Scotland’s economy shrank in the final quarter of 2017, adding to concerns about the future of the country’s economy if it were to vote for independence should a second referendum be granted.
According to figures released on Wednesday, the Scottish economy contracted by 0.2% in the final quarter of 2016, compared to a small expansion in Q3 of 0.1%. These figures reflected onshore GDP, which does not take into account the country’s offshore oil and gas industries.
By contrast, the entirety of the United Kingdom actually grew by 0.7% over the fourth quarter, shaking off initial fears about the economic impact of the Brexit vote last summer.
“In the fourth quarter of 2016 the Scottish Economy contracted by 0.2% compared to the third quarter of 2016,” a National Statistics publication for Scotland said. “Over the same period UK GDP grew by 0.7%. In Scotland contractions in the construction and production industries were not tempered by the services industry, which remained flat.”
The chart below illustrates the contraction in stark terms:
Scottish National Party officials were quick to blame the poor GDP numbers on the impact of the Brexit vote, with Finance Secretary Derek Mackay saying: “What is now quite clear is the economic reality of the Brexit vote. We have already seen significantly lower consumer confidence in Scotland since the vote last summer. Now we see that feeding through into our growth figures, and all of this is before the UK actually leaves the EU.”

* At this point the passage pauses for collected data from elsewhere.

(* Let $f:E\to E'$ be an FD-homomorphism between two Feller-Dynkin processes with state spaces $E$ and $E'$. Let $R$ be the equivalence relation on $E\uplus E'$ given by \[ R=\{(x,y)\in E\times E : f(x)=f(y)\}\cup\{(x,y),(y,x) : x\in E,\ y\in E',\ f(x)=y\}\cup\{(y,y'):y,y'\in E',\ y=y'\}. \] Then $R$ is a bisimulation between the two Feller-Dynkin processes.
   Context: A Feller-Dynkin (FD) process consists of: a locally compact Hausdorff space $E$ with countable base and Borel $\sigma$-algebra; its one-point compactification $E_\partial=E\uplus\{\partial\}$; a strongly continuous semigroup $(\hat P_t)_{t\ge0}$ on $C_0(E)$ with $0\le f\le1\Rightarrow0\le\hat P_tf\le1$, with associated sub-Markov kernels $P_t$ ($\hat P_tf(x)=\int f(y)P_t(x,dy)$); the set $\Omega$ of trajectories (cadlag $\omega:[0,\infty)\to E_\partial$ such that $\omega(t-)=\partial$ or $\omega(t)=\partial$ implies $\omega(u)=\partial$ for all $u\ge t$) with $\mathcal{G}=\sigma(\omega\mapsto\omega(s): s\ge0)$; the probability measures $\mathbb{P}^x$ on $(\Omega,\mathcal{G})$, $x\in E_\partial$, uniquely determined by $\mathbb{P}^x(\omega(0)\in dx_0,\omega(t_1)\in dx_1,\dots,\omega(t_n)\in dx_n)=\delta_x(dx_0)P^{+\partial}_{t_1}(x_0,dx_1)\cdots P^{+\partial}_{t_n-t_{n-1}}(x_{n-1},dx_n)$, where $P^{+\partial}_t(x,\{\partial\})=1-P_t(x,E)$, $P^{+\partial}_t(\partial,\{\partial\})=1$; and a map $obs:E\to2^{AP}$ ($AP$ finite set of atomic propositions), with $obs(\partial)=\partial$. Given FD processes $(E,\Omega,\mathcal{G},\mathbb{P}^x,obs)$ and $(E',\Omega',\mathcal{G}',\mathbb{P}'^{x},obs')$, an FD-homomorphism is a continuous map $f:E\to E'$ (extended by $f(\partial)=\partial$) such that $obs=obs'\circ f$ and for all $x\in E$ and all $B'\in\mathcal{G}'$, $\mathbb{P}'^{f(x)}(B')=\mathbb{P}^x(\{\omega\in\Omega: f\circ\omega\in B'\})$. Given two FD processes with data indexed by $1,2$ (state spaces $E_1,E_2$, trajectory spaces $\Omega_1,\Omega_2$, $\sigma$-algebras $\mathcal{G}_1,\mathcal{G}_2$, measures $\mathbb{P}^x_1,\mathbb{P}^x_2$, maps $obs_1,obs_2$), a bisimulation between them is an equivalence relation $R$ on $E_1\uplus E_2$ such that whenever $x\,R\,y$ with $x\in E_i$, $y\in E_j$: (i) $obs_i(x)=obs_j(y)$; (ii) for all $B_1\in\mathcal{G}_1$, $B_2\in\mathcal{G}_2$ satisfying ''for all $k,l\in\{1,2\}$, all $\omega_k\in B_k$ and all $\omega_l\in\Omega_l$, if $\omega_k(t)\,R\,\omega_l(t)$ for all $t\ge0$ ($\partial$ related to itself) then $\omega_l\in B_l$'', we have $\mathbb{P}^x_i(B_i)=\mathbb{P}^y_j(B_j)$. *)

From HB Require Import structures.
From mathcomp Require Import all_boot all_order all_algebra.
From mathcomp Require Import all_classical all_reals all_analysis.
From mathcomp Require Import Rstruct Rstruct_topology.

Set Implicit Arguments.
Unset Strict Implicit.
Unset Printing Implicit Defensive.

Import Order.TTheory GRing.Theory Num.Theory.
Import numFieldNormedType.Exports.

Local Open Scope classical_set_scope.
Local Open Scope ring_scope.

Notation R := Rdefinitions.R.

(* one-point compactification E_partial = option E; the point [None] is the
   cemetery point \partial *)
Notation opc E := (one_point_compactification E).

Section FD.
Variable E : topologicalType.

Definition borelE : set (set E) := <<s @open E >>.
Definition borelP : set (set (opc E)) := <<s @open (opc E) >>.

Definition MP := g_sigma_algebraType (@open (opc E)).

Definition subprob_measure (mu : set E -> \bar R) : Prop :=
  [/\ mu set0 = 0%E,
      (forall A, borelE A -> (0 <= mu A)%E),
      (forall F : (set E)^nat, (forall i, borelE (F i)) -> trivIset setT F ->
          (\sum_(0 <= i <oo) mu (F i))%E = mu (\bigcup_i F i))
    & (mu setT <= 1)%E].

Definition prob_measure_on {T : Type} (D : set T) (M : set (set T))
    (mu : set T -> \bar R) : Prop :=
  [/\ mu set0 = 0%E,
      (forall A, M A -> (0 <= mu A)%E),
      (forall F : (set T)^nat, (forall i, M (F i)) -> trivIset setT F ->
          (\sum_(0 <= i <oo) mu (F i))%E = mu (\bigcup_i F i))
    & mu D = 1%E].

However, given that the economy in the UK as a whole grew strongly over the same period that Scotland contracted, it seems unlikely that this is entirely the case.
Last week, Scotland’s parliament
voted in favour of holding a second referendum on independence from the United Kingdom by 69 votes to 59, following repeated calls from First Minister Nicola Sturgeon to do so, but the economic issues surrounding independence could be a major stumbling point for the country.
Scotland’s economy relies heavily on revenues from its North Sea oil and gas activities for prosperity, but since 2014, as the price of oil dropped from more than $US100 per barrel ito around $US50 now, that sector has suffered. As a result, more importance is now being put on Scotland’s onshore economy to take on some of the burden from the fuel industry.
The latest figures suggest that this is not yet happening, and that could be very bad news for Scotland.